Two lines in the data below mark the range: the one with "rewrite /= mulrBl." and the one with "Let measurable_m : measurable_fun setT m.". Return both, along with every line between them, exactly.

● ● ● ●

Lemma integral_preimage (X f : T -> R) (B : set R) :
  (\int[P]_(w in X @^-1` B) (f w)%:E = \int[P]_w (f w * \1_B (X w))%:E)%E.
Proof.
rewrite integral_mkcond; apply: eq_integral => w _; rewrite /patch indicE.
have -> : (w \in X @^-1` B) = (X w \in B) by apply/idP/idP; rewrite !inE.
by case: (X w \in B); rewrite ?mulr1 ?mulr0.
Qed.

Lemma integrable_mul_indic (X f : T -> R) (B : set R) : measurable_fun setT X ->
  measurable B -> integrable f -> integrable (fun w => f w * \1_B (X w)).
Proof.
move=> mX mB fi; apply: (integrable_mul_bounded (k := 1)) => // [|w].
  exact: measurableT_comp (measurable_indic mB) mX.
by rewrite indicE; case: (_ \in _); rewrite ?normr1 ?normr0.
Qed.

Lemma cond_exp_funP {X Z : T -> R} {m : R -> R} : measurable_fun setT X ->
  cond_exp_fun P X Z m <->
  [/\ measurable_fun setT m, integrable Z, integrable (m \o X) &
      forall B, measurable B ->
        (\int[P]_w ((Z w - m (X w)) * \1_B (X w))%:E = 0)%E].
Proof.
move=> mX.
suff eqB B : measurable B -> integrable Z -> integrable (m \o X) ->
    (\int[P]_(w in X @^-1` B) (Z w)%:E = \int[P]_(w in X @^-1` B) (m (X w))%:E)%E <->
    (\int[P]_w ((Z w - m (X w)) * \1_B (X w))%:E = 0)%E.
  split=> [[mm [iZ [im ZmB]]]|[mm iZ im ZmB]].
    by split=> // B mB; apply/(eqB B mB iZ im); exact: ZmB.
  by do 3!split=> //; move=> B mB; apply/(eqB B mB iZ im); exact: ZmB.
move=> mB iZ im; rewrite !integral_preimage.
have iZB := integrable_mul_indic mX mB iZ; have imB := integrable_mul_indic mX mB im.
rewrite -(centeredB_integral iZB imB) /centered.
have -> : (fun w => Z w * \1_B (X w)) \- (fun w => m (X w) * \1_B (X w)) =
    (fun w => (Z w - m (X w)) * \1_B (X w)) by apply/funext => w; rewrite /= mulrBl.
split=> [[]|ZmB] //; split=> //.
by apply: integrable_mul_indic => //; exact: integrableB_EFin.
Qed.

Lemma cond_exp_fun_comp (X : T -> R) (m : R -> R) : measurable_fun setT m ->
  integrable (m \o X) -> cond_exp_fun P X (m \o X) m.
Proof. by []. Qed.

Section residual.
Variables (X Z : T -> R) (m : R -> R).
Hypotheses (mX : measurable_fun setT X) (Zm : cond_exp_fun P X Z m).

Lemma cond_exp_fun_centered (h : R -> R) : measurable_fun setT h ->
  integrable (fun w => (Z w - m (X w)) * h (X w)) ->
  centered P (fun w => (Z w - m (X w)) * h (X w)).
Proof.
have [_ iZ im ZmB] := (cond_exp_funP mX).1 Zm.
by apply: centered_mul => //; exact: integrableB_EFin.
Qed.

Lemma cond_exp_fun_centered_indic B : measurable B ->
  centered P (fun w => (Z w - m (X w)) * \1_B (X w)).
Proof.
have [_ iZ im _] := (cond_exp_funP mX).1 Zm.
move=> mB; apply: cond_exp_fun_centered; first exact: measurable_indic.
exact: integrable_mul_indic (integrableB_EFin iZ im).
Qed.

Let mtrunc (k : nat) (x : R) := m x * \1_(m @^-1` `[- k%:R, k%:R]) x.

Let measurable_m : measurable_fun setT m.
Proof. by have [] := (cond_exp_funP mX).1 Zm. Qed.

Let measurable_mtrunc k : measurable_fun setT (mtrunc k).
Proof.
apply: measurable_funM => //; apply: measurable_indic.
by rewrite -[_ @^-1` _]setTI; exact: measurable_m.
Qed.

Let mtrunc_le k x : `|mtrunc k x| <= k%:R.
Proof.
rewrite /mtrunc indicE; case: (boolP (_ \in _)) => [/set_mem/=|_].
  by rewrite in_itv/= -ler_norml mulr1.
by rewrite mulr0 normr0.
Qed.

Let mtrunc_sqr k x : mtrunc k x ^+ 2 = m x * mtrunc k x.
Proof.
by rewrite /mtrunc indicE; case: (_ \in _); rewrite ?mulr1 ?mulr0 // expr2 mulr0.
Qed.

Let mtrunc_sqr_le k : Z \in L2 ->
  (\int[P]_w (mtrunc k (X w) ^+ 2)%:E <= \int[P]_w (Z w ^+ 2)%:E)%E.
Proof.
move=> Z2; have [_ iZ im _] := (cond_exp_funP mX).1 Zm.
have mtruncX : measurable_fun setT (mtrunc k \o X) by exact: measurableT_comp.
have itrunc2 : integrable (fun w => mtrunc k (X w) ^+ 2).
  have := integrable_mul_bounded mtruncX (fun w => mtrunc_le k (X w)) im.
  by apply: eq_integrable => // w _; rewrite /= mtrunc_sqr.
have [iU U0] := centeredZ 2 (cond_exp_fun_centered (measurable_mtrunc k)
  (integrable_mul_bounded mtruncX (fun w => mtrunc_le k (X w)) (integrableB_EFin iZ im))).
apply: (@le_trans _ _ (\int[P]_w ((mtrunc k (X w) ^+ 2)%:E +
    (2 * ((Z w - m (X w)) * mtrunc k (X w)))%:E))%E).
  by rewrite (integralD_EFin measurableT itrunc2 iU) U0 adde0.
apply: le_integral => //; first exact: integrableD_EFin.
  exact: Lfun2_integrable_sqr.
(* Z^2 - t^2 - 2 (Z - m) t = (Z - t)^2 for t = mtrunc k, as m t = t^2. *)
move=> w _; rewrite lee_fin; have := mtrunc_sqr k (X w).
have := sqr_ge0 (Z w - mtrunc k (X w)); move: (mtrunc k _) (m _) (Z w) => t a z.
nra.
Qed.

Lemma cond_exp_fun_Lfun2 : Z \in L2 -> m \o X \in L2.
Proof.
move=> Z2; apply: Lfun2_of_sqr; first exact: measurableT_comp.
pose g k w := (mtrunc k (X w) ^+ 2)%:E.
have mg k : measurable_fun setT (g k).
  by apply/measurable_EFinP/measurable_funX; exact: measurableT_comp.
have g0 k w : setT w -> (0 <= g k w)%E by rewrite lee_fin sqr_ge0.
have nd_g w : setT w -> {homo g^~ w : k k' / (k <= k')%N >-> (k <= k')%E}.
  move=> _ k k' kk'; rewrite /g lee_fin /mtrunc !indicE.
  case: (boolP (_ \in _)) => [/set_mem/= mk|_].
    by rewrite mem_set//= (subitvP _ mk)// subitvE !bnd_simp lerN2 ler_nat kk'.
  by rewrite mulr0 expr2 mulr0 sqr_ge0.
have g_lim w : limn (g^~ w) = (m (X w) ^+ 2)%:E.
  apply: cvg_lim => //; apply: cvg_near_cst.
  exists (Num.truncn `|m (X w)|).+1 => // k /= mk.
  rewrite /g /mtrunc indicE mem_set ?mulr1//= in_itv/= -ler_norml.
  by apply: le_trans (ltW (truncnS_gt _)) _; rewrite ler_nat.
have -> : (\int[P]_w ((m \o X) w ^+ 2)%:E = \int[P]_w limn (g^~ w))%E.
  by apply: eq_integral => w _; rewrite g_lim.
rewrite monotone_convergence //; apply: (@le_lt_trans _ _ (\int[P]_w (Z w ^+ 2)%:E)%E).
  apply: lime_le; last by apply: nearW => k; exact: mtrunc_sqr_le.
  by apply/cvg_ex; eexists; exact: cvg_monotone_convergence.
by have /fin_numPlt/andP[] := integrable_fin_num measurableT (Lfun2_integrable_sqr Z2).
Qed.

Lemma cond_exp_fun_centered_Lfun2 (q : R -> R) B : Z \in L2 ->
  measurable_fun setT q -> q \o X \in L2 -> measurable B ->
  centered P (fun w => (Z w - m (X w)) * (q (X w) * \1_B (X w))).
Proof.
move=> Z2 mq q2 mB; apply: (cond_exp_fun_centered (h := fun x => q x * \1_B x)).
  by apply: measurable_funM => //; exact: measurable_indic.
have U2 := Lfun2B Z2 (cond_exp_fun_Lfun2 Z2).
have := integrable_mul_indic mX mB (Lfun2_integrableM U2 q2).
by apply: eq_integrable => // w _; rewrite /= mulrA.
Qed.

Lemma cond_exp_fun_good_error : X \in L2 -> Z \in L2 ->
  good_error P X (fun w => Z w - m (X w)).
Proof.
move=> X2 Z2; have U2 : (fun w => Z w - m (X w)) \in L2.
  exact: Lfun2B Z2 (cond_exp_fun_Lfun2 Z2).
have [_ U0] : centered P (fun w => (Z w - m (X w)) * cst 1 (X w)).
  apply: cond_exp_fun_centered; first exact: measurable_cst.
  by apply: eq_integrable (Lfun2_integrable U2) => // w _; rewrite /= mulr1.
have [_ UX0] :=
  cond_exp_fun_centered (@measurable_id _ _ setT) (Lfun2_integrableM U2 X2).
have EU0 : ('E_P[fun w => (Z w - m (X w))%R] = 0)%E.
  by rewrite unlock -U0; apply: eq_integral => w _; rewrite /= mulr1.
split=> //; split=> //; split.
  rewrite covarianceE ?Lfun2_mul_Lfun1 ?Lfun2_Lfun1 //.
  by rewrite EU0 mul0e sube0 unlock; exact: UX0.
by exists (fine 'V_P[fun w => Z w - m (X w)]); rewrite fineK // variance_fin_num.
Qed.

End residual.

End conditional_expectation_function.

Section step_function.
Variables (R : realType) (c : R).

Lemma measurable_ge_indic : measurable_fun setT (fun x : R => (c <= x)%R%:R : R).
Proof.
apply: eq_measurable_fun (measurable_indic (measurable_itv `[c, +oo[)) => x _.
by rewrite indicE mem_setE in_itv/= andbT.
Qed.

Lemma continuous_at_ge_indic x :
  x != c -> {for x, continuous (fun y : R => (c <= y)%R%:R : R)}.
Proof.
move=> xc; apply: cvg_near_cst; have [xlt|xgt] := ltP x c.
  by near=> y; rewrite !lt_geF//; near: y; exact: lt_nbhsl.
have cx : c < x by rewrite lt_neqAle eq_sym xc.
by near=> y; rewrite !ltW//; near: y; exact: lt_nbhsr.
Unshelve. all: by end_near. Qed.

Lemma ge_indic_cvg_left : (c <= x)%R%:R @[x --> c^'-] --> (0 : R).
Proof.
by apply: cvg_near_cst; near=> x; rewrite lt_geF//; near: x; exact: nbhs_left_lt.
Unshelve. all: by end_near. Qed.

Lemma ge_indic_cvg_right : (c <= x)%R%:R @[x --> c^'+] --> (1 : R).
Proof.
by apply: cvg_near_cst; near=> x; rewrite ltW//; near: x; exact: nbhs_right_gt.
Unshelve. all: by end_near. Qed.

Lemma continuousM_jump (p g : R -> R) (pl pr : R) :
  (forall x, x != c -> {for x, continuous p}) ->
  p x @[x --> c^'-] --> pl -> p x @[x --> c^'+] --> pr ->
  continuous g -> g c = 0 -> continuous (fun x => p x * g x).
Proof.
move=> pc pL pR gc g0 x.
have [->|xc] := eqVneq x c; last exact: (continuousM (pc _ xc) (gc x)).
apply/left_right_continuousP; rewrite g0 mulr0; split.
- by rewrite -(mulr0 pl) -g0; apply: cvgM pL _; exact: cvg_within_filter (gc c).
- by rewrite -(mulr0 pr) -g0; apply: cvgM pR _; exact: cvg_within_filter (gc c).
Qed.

● ● ● ●

** RESPONSE TO THE EXERCISE **
    (fun w => (Z w - m (X w)) * \1_B (X w)) by apply/funext => w; rewrite /= mulrBl.
split=> [[]|ZmB] //; split=> //.
by apply: integrable_mul_indic => //; exact: integrableB_EFin.
Qed.

Lemma cond_exp_fun_comp (X : T -> R) (m : R -> R) : measurable_fun setT m ->
  integrable (m \o X) -> cond_exp_fun P X (m \o X) m.
Proof. by []. Qed.

Section residual.
Variables (X Z : T -> R) (m : R -> R).
Hypotheses (mX : measurable_fun setT X) (Zm : cond_exp_fun P X Z m).

Lemma cond_exp_fun_centered (h : R -> R) : measurable_fun setT h ->
  integrable (fun w => (Z w - m (X w)) * h (X w)) ->
  centered P (fun w => (Z w - m (X w)) * h (X w)).
Proof.
have [_ iZ im ZmB] := (cond_exp_funP mX).1 Zm.
by apply: centered_mul => //; exact: integrableB_EFin.
Qed.

Lemma cond_exp_fun_centered_indic B : measurable B ->
  centered P (fun w => (Z w - m (X w)) * \1_B (X w)).
Proof.
have [_ iZ im _] := (cond_exp_funP mX).1 Zm.
move=> mB; apply: cond_exp_fun_centered; first exact: measurable_indic.
exact: integrable_mul_indic (integrableB_EFin iZ im).
Qed.

Let mtrunc (k : nat) (x : R) := m x * \1_(m @^-1` `[- k%:R, k%:R]) x.

Let measurable_m : measurable_fun setT m.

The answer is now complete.